She had four children that she loved more than anything, and she proved that love by staying in an abusive relationship with her children's father and her husband, Marshall. Through small-town secrets and the what-happens-at-home-stays-at-home
mentality of the day, only minimal time was spent trying to find the person responsible.
It was theorized that perhaps Gwendolyn chose the well as an alternative to her abusive marriage.
Her son didn't believe for a second, though, that his mother left her children intentionally. In 2006,
it's Gwendolyn's great-niece Leslie that helps reopen her case and set a true investigation
into motion. From A&E, this is Cold Case Files. I'm Brooke, and here's the awe-inspiring
Bill Curtis with a classic case, A Son Remembers.
My grandmother had passed away, and I had went with my mom to her house to go through some of her belongings and pack things and stuff like that.
In the spring of 2001, Leslie Power and her mom sort through a box of family photos
and happened upon a picture of a relative
Leslie never knew she had.
So we pulled them down and started going through
all the pictures and seeing who they were,
and this was one of the pictures that was in there,
which I found out was a picture of Gwendolyn
we think was probably a school picture.
Gwendolyn Moore was Leslie's great-aunt.
Leslie's mom tells her Gwendolyn died
when she was just 30 years old.
And I said, well, that's kind of weird.
How come I didn't know her?
I knew all my other, you know, great aunts and uncles.
And she told me what had happened,
that they had, you know, found her in a well.
And I was like, what do you mean?
They found her in a well. So I didn like, what do you mean? They found her in a well.
So I didn't let that go for the rest of the day.
I just, you know, I think I kept saying that.
What do you mean?
Isn't there more to that story?
There is more to the story.
A lot more.
For that, however, Leslie needs to seek out
the oldest living member of her family,
Gwendolyn's sister, Pat.
They went together for quite a while and was very happy.

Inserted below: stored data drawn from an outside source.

(* Let $f(x) \in \mathbb{Z}[x]$ be an irreducible polynomial and let $r \geq 3$ be an odd positive integer. If $F$ is a splitting sequence of $f(x)$ with constant exponent sequence $(r)_{n \in \mathbb{N}}$ such that exactly $T$ terms of its binary string $\mathcal{B}(F)$ equal ``S'', for some $T \in \mathbb{N}$, then the first $T$ terms $\mathcal{B}_1(F), \ldots, \mathcal{B}_T(F)$ of $\mathcal{B}(F)$ are all equal to ``S''.
   Context: Let $f(x)$ be an irreducible polynomial in $\mathbb{Z}[x]$ and let $(e_n)_{n \in \mathbb{N}}$ be a sequence of positive integers (the exponent sequence). A splitting sequence of $f(x)$ with this exponent sequence is a sequence $F = (f_n(x))_{n \in \mathbb{N}_0}$ of irreducible polynomials in $\mathbb{Z}[x]$ with $f_0(x) = f(x)$ and, for each $k \geq 1$, $f_k(x)$ an irreducible divisor in $\mathbb{Z}[x]$ of $f_{k-1}(x^{e_k})$. The binary string $\mathcal{B}(F) = (\mathcal{B}_n(F))_{n \in \mathbb{N}}$ of $F$ is the sequence over the alphabet $\{\text{``L''}, \text{``S''}\}$ with $\mathcal{B}_n(F) = \text{``L''}$ if $f_n(x) = f_{n-1}(x^{e_n})$ (i.e. $f_{n-1}(x^{e_n})$ is itself irreducible and was taken as $f_n$) and $\mathcal{B}_n(F) = \text{``S''}$ otherwise (i.e. $f_{n-1}(x^{e_n})$ is reducible in $\mathbb{Z}[x]$). *)

From HB Require Import structures.
From mathcomp Require Import all_boot all_order all_algebra.
Set Implicit Arguments. Unset Strict Implicit. Unset Printing Implicit Defensive.
Import Order.TTheory GRing.Theory Num.Theory.
Local Open Scope ring_scope.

And then when they got married, after about the second child, all this abuse started.
The year was 1970. Fat Terry was 36 years old
and an eyewitness to the train wreck
that was her younger sister Gwendolyn's marriage.

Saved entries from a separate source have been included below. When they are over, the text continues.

Lemma sum_ramp_cell (a : nat -> R) {z m} : (m < N)%N ->
  m%:R <= Nr * z <= m%:R + 1 ->
  \sum_(i < N) a i * ramp N i z = \sum_(i < m.+1) a i * (z - i%:R / Nr).
Proof.
move=> lt_mN /andP [m_le m_ge].
rewrite -(big_mkord xpredT (fun i => a i * ramp N i z)).
rewrite (big_cat_nat (leq0n m.+1) lt_mN) /= big_mkord.
rewrite [X in _ + X]big_nat_cond [X in _ + X]big1 ?addr0 => [|i].
  apply: eq_bigr => i _; rewrite ramp_lin // (le_trans _ m_le) // ler_nat.
  by rewrite -ltnS.
move=> /andP [/andP [lt_mi _] _]; rewrite ramp_eq0 ?mulr0 //.
by rewrite (le_trans m_ge) // natr1 ler_nat.
Qed.

Lemma sum_saw_coef m z :
  \sum_(i < m.+1) saw_coef N i * (z - i%:R / Nr) =
  (-1) ^+ m * (Nr * z - m%:R) + (odd m)%:R.
Proof.
elim: m => [|m IH]; first by rewrite big_ord1 /saw_coef /=; field.
rewrite big_ord_recr /= IH /saw_coef /= -!natr1.
rewrite -[(-1) ^+ m]signr_odd -[(-1) ^+ m.+1]signr_odd oddS.
by case: (odd m) => /=; field.
Qed.

Lemma sum_interp_coef m z :
  \sum_(i < m.+1) interp_coef N i * (z - i%:R / Nr) =
  ((Nr - 1 - 2 * m%:R) * z + m%:R * (m%:R + 1) / Nr) / Nr.
Proof.
elim: m => [|m IH]; first by rewrite big_ord1 /interp_coef /=; field.
by rewrite big_ord_recr /= IH /interp_coef /= -!natr1; field.
Qed.

Lemma sawtooth_cell {z m} : (m < N)%N -> m%:R <= Nr * z <= m%:R + 1 ->
  sawtooth N z = if odd m then m%:R + 1 - Nr * z else Nr * z - m%:R.
Proof.
move=> lt_mN hm; rewrite /sawtooth (sum_ramp_cell _ lt_mN hm) sum_saw_coef.
by rewrite -signr_odd; case: (odd m) => /=; ring.
Qed.

Lemma sawtooth_01 {z} : 0 <= z <= 1 -> 0 <= sawtooth N z <= 1.
Proof.
move=> /exists_cell [m lt_mN hm]; rewrite (sawtooth_cell lt_mN hm).
by case/andP: hm => ? ?; case: (odd m); apply/andP; split; lra.
Qed.

Lemma hump_sub_interp {z} : 0 <= z <= 1 ->
  hump z - hump_interp N z = hump (sawtooth N z) / Nr ^+ 2.
Proof.
move=> /exists_cell [m lt_mN hm].
rewrite (sawtooth_cell lt_mN hm) /hump_interp (sum_ramp_cell _ lt_mN hm).
by rewrite sum_interp_coef /hump; case: (odd m); field.
Qed.

Lemma sawtooth_dist_even {z} : 0 <= z <= 1 -> exists a : nat,
  sawtooth N z = `|Nr * z - 2 * a%:R| /\
  forall b : nat, `|Nr * z - 2 * a%:R| <= `|Nr * z - 2 * b%:R|.
Proof.
move=> /exists_cell [m lt_mN hm]; exists (uphalf m).
have twice_uphalf : 2 * (uphalf m)%:R = m%:R + (odd m)%:R :> R.
  have twice_uphalfn : (2 * uphalf m = m + odd m)%N by lia.
  by rewrite -natrD -twice_uphalfn natrM.
rewrite (sawtooth_cell lt_mN hm) twice_uphalf.
case/andP: hm => m_le m_ge.
have dist_le1 : `|Nr * z - (m%:R + (odd m)%:R)| <= 1.
  by rewrite ler_norml; case: (odd m); rewrite /= ?addr0; apply/andP; split; lra.
split.
  by case: (odd m); rewrite /= ?addr0; [rewrite ler0_norm | rewrite ger0_norm]; lra.
move=> b; have [->|ne_ba] := eqVneq b (uphalf m); first by rewrite twice_uphalf.
have gap : 1 <= `|b%:R - (uphalf m)%:R| :> R.
  have [lt_ba | lt_ab | eq_ba] := ltngtP b (uphalf m); last by rewrite eq_ba eqxx in ne_ba.
  - have le_b1a : b%:R + 1 <= (uphalf m)%:R :> R by rewrite natr1 ler_nat.
    by rewrite ler0_norm; lra.
  - have le_a1b : (uphalf m)%:R + 1 <= b%:R :> R by rewrite natr1 ler_nat.
    by rewrite ger0_norm; lra.
have := ler_distD (Nr * z) (2 * b%:R) (2 * (uphalf m)%:R).
rewrite -mulrBr normrM ger0_norm // distrC twice_uphalf.
lra.
Qed.

Lemma sawtooth_lipschitz {z z'} : 0 <= z <= 1 -> 0 <= z' <= 1 ->
  `|sawtooth N z - sawtooth N z'| <= Nr * `|z - z'|.
Proof.
have half_bound a b : 0 <= a <= 1 -> 0 <= b <= 1 ->
    sawtooth N a - sawtooth N b <= Nr * `|a - b|.
  move=> a01 b01.
  have [a' [-> min_a']] := sawtooth_dist_even a01.
  have [b' [-> _]] := sawtooth_dist_even b01.
  have := ler_distD (Nr * b) (Nr * a) (2 * b'%:R).
  rewrite -mulrBr normrM [`|Nr|]ger0_norm //.
  have := min_a' b'; lra.
move=> z01 z'01; rewrite ler_norml; apply/andP; split; last exact: half_bound.
by have := half_bound z' z z'01 z01; rewrite distrC; lra.
Qed.

Lemma sawtooth0 : sawtooth N 0 = 0 :> R.
Proof.
have zero01 : 0 <= (0 : R) <= 1 by rewrite lexx ler01.
have [a [-> min_a]] := sawtooth_dist_even zero01.
apply/eqP; rewrite eq_le normr_ge0 andbT (le_trans (min_a 0%N)) //.
by rewrite !mulr0 subrr normr0.
Qed.

Lemma sawtooth1 : sawtooth N 1 = 0 :> R \/ sawtooth N 1 = 1 :> R.
Proof.
have one01 : 0 <= (1 : R) <= 1 by rewrite lexx ler01.
have [m lt_mN hm] := exists_cell one01.
have mE : m%:R = Nr - 1.
  have : m%:R + 1 <= Nr by rewrite natr1 ler_nat.
  by rewrite mulr1 in hm; case/andP: hm; lra.
rewrite (sawtooth_cell lt_mN hm) mE mulr1.
by case: (odd m); [left | right]; ring.
Qed.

She had been beaten so bad,
he had stomped her feet
until they was about twice the size they should have been.
She was black and blue all over,
and I said,
what happened to you, honey?
And she said, Marshall stomped my feet.
Marshall is Marshall Moore, Gwendolyn's husband,
and according to Pat, a man with many faces.
When he was around us, he was like a knight in shining armor, to speak.
You know, he was the sweetest thing.
Honey wouldn't melt in his mouth.
He smiled, His eyes danced. And then as soon as he would get her home, he would beat her.
According to her sister, in the spring of 1966, Gwendolyn Moore contacted a lawyer who drew up
divorce papers and offered some free advice. The lawyer sat there and told her, he said,
lady, I'm going to tell you one thing.
He says, if you don't get out of it
and get out of it in a hurry, he said,
he will wind up killing you.
Gwendolyn never served the papers
on her husband. Four
years later, she was found dead
at the bottom of an abandoned well.
And my mother, God rest her soul, she put a gun in her pocketbook and she carried it to the funeral home when she died.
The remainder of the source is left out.